_Data for review_

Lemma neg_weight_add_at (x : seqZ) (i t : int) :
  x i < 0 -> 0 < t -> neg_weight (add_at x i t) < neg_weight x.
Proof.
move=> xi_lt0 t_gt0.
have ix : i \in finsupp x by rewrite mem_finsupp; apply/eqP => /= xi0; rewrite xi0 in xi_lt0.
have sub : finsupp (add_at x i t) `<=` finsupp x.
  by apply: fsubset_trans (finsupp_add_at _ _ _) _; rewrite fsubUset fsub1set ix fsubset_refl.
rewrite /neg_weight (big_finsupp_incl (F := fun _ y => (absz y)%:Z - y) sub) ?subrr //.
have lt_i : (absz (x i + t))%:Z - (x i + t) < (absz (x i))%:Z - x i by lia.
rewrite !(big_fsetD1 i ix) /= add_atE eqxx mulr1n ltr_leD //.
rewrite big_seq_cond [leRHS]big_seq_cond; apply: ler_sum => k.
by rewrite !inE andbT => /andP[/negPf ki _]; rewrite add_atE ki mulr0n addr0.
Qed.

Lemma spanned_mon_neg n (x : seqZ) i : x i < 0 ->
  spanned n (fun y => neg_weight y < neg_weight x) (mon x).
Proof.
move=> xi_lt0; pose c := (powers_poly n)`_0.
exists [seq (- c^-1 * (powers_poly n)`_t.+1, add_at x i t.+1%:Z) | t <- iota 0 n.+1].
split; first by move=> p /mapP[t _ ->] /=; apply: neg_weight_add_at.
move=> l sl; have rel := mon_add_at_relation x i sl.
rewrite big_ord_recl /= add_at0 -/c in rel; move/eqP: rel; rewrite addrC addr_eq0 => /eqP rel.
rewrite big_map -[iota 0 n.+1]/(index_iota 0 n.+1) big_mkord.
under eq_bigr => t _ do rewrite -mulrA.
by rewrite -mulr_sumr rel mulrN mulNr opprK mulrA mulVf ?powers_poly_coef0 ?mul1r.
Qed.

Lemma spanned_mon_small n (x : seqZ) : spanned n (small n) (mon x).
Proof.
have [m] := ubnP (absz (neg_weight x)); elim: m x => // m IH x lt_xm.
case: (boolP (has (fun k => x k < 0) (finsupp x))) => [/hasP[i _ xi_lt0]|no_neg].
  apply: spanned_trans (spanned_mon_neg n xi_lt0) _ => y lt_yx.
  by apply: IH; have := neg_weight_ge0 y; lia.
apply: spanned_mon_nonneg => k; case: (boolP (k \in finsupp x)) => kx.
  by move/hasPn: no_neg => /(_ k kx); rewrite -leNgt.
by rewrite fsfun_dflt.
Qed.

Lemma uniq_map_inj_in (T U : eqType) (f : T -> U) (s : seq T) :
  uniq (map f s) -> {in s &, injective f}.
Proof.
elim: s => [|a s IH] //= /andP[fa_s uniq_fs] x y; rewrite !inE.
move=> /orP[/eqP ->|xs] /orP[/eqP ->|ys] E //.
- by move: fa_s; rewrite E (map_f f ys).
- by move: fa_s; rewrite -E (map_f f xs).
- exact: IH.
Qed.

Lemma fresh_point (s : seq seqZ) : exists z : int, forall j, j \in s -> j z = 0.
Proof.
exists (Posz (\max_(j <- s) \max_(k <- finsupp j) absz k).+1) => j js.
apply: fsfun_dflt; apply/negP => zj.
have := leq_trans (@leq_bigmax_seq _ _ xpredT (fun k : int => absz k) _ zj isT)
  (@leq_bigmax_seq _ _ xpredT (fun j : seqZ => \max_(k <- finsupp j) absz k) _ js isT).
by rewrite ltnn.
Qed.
--
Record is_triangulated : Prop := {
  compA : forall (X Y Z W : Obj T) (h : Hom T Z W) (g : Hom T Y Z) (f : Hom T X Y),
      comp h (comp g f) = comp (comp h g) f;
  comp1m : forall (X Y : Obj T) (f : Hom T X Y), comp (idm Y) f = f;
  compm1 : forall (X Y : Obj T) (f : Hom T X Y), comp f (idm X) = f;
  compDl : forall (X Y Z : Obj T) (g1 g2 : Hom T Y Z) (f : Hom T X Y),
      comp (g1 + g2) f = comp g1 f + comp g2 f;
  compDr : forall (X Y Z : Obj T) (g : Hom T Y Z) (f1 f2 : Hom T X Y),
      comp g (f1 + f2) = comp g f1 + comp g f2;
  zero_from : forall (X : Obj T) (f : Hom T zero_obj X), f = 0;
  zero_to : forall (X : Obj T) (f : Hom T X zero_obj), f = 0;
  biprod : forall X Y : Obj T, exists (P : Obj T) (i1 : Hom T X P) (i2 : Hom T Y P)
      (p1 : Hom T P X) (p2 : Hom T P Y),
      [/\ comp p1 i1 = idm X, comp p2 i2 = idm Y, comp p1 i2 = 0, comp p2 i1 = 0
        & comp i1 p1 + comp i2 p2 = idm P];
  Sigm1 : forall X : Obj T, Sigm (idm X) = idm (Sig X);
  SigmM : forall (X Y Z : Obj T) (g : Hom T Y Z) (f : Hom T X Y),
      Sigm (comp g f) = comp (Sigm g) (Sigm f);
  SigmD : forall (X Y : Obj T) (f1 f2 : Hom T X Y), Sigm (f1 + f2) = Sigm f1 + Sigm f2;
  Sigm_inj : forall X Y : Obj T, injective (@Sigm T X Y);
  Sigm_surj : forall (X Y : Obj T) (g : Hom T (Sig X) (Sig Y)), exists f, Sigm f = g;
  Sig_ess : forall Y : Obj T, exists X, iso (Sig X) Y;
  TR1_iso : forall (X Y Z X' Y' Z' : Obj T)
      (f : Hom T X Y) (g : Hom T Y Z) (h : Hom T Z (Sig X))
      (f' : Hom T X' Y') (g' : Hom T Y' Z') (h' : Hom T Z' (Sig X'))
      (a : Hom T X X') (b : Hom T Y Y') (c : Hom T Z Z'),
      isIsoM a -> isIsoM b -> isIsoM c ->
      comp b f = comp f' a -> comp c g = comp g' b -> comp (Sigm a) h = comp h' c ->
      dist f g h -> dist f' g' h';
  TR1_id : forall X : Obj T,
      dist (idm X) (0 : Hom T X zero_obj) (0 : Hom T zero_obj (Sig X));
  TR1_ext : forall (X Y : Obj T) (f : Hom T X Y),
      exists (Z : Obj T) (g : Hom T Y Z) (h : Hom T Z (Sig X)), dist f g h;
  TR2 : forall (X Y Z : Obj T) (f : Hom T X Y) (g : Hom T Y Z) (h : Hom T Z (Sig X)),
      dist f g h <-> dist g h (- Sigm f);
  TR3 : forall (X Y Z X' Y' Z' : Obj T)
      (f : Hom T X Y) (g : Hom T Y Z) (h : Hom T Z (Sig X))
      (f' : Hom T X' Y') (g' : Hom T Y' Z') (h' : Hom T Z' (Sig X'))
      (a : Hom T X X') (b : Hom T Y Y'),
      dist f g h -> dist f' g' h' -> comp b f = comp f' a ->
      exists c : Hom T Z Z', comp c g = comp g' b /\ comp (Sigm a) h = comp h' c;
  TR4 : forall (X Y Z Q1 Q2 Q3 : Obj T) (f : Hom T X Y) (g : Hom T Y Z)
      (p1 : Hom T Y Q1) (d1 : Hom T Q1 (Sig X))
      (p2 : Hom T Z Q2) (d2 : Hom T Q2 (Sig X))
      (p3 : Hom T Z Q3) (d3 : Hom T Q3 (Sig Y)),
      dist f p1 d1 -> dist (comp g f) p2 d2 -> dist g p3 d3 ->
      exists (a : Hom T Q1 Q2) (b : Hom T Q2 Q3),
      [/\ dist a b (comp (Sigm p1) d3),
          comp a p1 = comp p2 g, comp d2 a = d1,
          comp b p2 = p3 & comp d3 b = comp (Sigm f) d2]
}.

_Problem requirements_
Beginning with the line containing "have lt_i : (absz" and ending with the line containing "under eq_bigr => t _ do rewrite -mulrA.", extract those lines exactly from the listing above, and only those.

_Answer below_
have lt_i : (absz (x i + t))%:Z - (x i + t) < (absz (x i))%:Z - x i by lia.
rewrite !(big_fsetD1 i ix) /= add_atE eqxx mulr1n ltr_leD //.
rewrite big_seq_cond [leRHS]big_seq_cond; apply: ler_sum => k.
by rewrite !inE andbT => /andP[/negPf ki _]; rewrite add_atE ki mulr0n addr0.
Qed.

Lemma spanned_mon_neg n (x : seqZ) i : x i < 0 ->
  spanned n (fun y => neg_weight y < neg_weight x) (mon x).
Proof.
move=> xi_lt0; pose c := (powers_poly n)`_0.
exists [seq (- c^-1 * (powers_poly n)`_t.+1, add_at x i t.+1%:Z) | t <- iota 0 n.+1].
split; first by move=> p /mapP[t _ ->] /=; apply: neg_weight_add_at.
move=> l sl; have rel := mon_add_at_relation x i sl.
rewrite big_ord_recl /= add_at0 -/c in rel; move/eqP: rel; rewrite addrC addr_eq0 => /eqP rel.
rewrite big_map -[iota 0 n.+1]/(index_iota 0 n.+1) big_mkord.
under eq_bigr => t _ do rewrite -mulrA.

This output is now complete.